Even the slightest overheat can warp housings. Ask me how i know...
A coolant seal "repair" means your tearing the engine down.
Report back with your results.
Travis
#5
Assuming that is the problem the only repair is to rebuild or replace the engine
As far as the OE gauge is concerned, on a dyno I've hit the high end of the needle range and not blown the coolant seals. So don't always take some of the forum folklore as concrete fact ...
As far as the OE gauge is concerned, on a dyno I've hit the high end of the needle range and not blown the coolant seals. So don't always take some of the forum folklore as concrete fact ...
#6
I pressure tested system to 15 lbs I thiink Mazda says 17 lb max ...it would not hold pressure . Lost about a lb per min . ?????? I have to take pressure test equipment back ,Ill pul plugs after I get back
#8
Yeah it doesn't take much to kill the coolant seals. Some people just get lucky and overheat without doing permanent damage. I saw one that melted the OMP lines it overheated do bad and the owner said that it "barely overheated".
#9
i did it by doing somthng very stupid ! The loud pop , Like a 22 shot going off when I put cold water into a hot engine . SO I have the stupid sign !! LOL Or God is keeping me out of a bad wreck !!
Time to look for Mazda reman short block !

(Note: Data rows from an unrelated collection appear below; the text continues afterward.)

Lemma gw_survival_le n : 1 - gw_extinct n <= 4 / (n%:R + 4).
Proof.
apply: (quadratic_decay (b := fun k => 1 - gw_extinct k)) => [|k].
  by rewrite subr0.
exact: gw_survival_step.
Qed.

Lemma dies_out_subcritical : dies_out p q.
Proof.
apply/eqP; rewrite eq_le; apply/andP; split; last first.
  by apply: le_ereal_inf_tmp => _ [n _ <-]; exact: alive_ge0.
apply/lee_addgt0Pr => e e0; rewrite add0e.
pose n := Num.Def.archi_bound (4 / e).
apply: ge_ereal_inf; exists (alive p q n init_state); first by exists n.
apply: le_trans (alive_le_gw n (s := init_state) _) _ => //=.
rewrite expr1 lee_fin (le_trans (gw_survival_le n)) // ler_pdivrMr; last first.
  by rewrite ltr_wpDl.
have h4e : 0 <= 4 / e by rewrite divr_ge0 // ltW.
have := archi_boundP h4e; rewrite -/n ltr_pdivrMr // => h.
rewrite mulrC mulrDl; apply/ltW/(lt_le_trans h).
by rewrite lerDl mulr_ge0 // ltW.
Qed.

End process.

Section threshold_arithmetic.
Variable R : realType.

Lemma survival_margin (C a e p : R) : 0 < C -> e <= a / 2 ->
  9 * C * a ^+ 2 < e -> 5 / 2 * a + e < p -> 2 * C * p <= 1 ->
  a < 2 / 5 * p * (1 - C * p).
Proof.
move=> C0 ea2 Ce sp Cp.
have Ca : 0 <= C * a ^+ 2 by rewrite mulr_ge0 ?sqr_ge0 // ltW.
have e0 : 0 < e by lra.
have [s sE] : {s : R | s = 5 / 2 * a + e} by exists (5 / 2 * a + e).
rewrite -sE in sp.
have s0 : 0 <= s by lra.
have s3 : s <= 3 * a by lra.
have Cs : C * s ^+ 2 <= 9 * C * a ^+ 2.
  have : s ^+ 2 <= (3 * a) ^+ 2 by rewrite lerXn2r ?nnegrE; lra.
  rewrite !expr2 => h; nra.
have Cs_le : C * s <= C * p by rewrite ler_pM2l // ltW.
have ps : 0 <= p - s by lra.
have Cps : 0 <= 1 - C * (p + s) by lra.
have mono := mulr_ge0 ps Cps.
rewrite !expr2 in Cs; lra.
Qed.

Lemma extinction_margin (C a e p : R) : 0 < C -> 0 < p ->
  25 / 4 * C * a ^+ 2 <= e -> p < 5 / 2 * a - e ->
  2 / 5 * p * (1 + C * p) < a.
Proof.
move=> C0 p0 Ce ps.
have Ca : 0 <= C * a ^+ 2 by rewrite mulr_ge0 ?sqr_ge0 // ltW.
have e0 : 0 <= e by lra.
have Cp : C * p <= C * (5 / 2 * a) by rewrite ler_pM2l //; lra.
have Cp0 : 0 <= C * p by rewrite mulr_ge0 // ltW.
have Cae : 0 <= C * a * e by rewrite !mulr_ge0 // ltW //; lra.
have h1 : p * (1 + C * p) < (5 / 2 * a - e) * (1 + C * p) by rewrite ltr_pM2r; lra.
have h2 : (5 / 2 * a - e) * (1 + C * p) <= (5 / 2 * a - e) * (1 + C * (5 / 2 * a)).
  by rewrite ler_pM2l; lra.
rewrite expr2 in Ce; lra.
Qed.

Lemma pow5_shift_bounds (W : R) : 1 <= W -> W ^- 4 / 32 <= W / (W + 1) ^+ 5 <= W ^- 4.
Proof.
move=> W1; have W0 : 0 < W by exact: lt_le_trans W1.
have le_div x y : 0 < x -> x <= y -> W / y <= W / x.
  by move=> x0 xy; rewrite ler_pM2l // lef_pV2 // posrE (lt_le_trans x0).
have -> : W ^- 4 / 32 = W / (2 * W) ^+ 5 by field; rewrite lt0r_neq0.
have -> : W ^- 4 = W / W ^+ 5 by field; rewrite lt0r_neq0.
apply/andP; split; apply: le_div; rewrite ?exprn_gt0 ?addr_gt0 //;
  by rewrite lerXn2r ?nnegrE; lra.
Qed.

Lemma margin_bounds (C W : R) : 0 < C -> 640 * C + 1 <= W ->
  10 * C * (W ^- 2) ^+ 2 <= 320 * C * (W / (W + 1) ^+ 5) <= W ^- 2 / 2.
Proof.
move=> C0 CW; have W1 : 1 <= W by lra.
have Wpos : 0 < W by lra.
have W0 : W != 0 by rewrite gt_eqF.
have /andP[lo hi] := pow5_shift_bounds W1.
have C320 : 0 <= 320 * C by lra.
have -> : (W ^- 2) ^+ 2 = W ^- 4 by field.
apply/andP; split.
  rewrite (_ : 10 * C * W ^- 4 = 320 * C * (W ^- 4 / 32)); last by field.
  exact: ler_wpM2l.
apply: le_trans (ler_wpM2l C320 hi) _.
have CW2 : 640 * C <= W ^+ 2 by rewrite expr2; nra.
rewrite -subr_ge0 (_ : _ - _ = W ^- 4 * (W ^+ 2 - 640 * C) / 2); last by field.
have : 0 <= W ^- 4 * (W ^+ 2 - 640 * C).
  by rewrite mulr_ge0 ?subr_ge0 // invr_ge0 exprn_ge0 // ltW.
lra.
Qed.

Lemma scaled_rho_bounds (C p0 W rho : R) : 0 < C -> 0 < W ->
  rho <= (1 + Num.min p0 (2 * C)^-1) / W ->
  W * rho - 1 <= p0 /\ 2 * C * (W * rho - 1) <= 1.
Proof.
move=> C0 W0; rewrite ler_pdivlMr // => rhoU.
have pm : W * rho - 1 <= Num.min p0 (2 * C)^-1 by rewrite mulrC; lra.
split; first by apply: le_trans pm _; rewrite ge_min lexx.
rewrite -ler_pdivlMl ?mulr1; last lra.
by apply: le_trans pm _; rewrite ge_min lexx orbT.
Qed.

End threshold_arithmetic.

Section window.
Variables (R : realType) (C p0 : R).
Hypothesis hC : 0 < C.
Hypothesis Hthr : forall p q : R, 0 < p <= p0 -> 0 <= q <= 1 ->
  (q < 2 / 5 * p * (1 - C * p) -> survives p q) /\
  (2 / 5 * p * (1 + C * p) < q -> dies_out p q).

Lemma critical_window (a e p : R) : 0 < a <= 1 ->
  10 * C * a ^+ 2 <= e <= a / 2 -> -1 < p -> p <= p0 -> 2 * C * p <= 1 ->
  (5 / 2 * a + e < p -> survives p a) /\ (p < 5 / 2 * a - e -> dies_out p a).
Proof.
move=> /andP[a0 a1] /andP[eL eU] p_gt pp0 Cp.
have q01 : 0 <= a <= 1 by rewrite ltW.
have Ca : 0 < C * a ^+ 2 by rewrite mulr_gt0 ?exprn_gt0.
split=> [sp | ps].
  apply: (Hthr _ q01).1; first by rewrite pp0 andbT; lra.
  by apply: survival_margin hC eU _ sp Cp; lra.
have [p_le0 | p_gt0] := lerP p 0.
  exact: dies_out_subcritical p_gt (ltW a0) a1 p_le0.
apply: (Hthr _ q01).2; first by rewrite p_gt0 pp0.
by apply: extinction_margin hC p_gt0 _ ps; lra.
Qed.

Time to look for Mazda reman short block !
#12
update I pulled the leading plugs. . Turned her over water shot out of both rotors . I drained coolant out , put a couple onces of oil in each rotor ,turned her over to displace water. Its going be a few days before I can pull motor.
#14
I would suggest contacting Rob @ Pineapple racing, he built my engine and it was a great process and the engine has held up well even with the turbo. Whether you use him or not you may want to consider using his heavy duty coolant seals in your rebuild.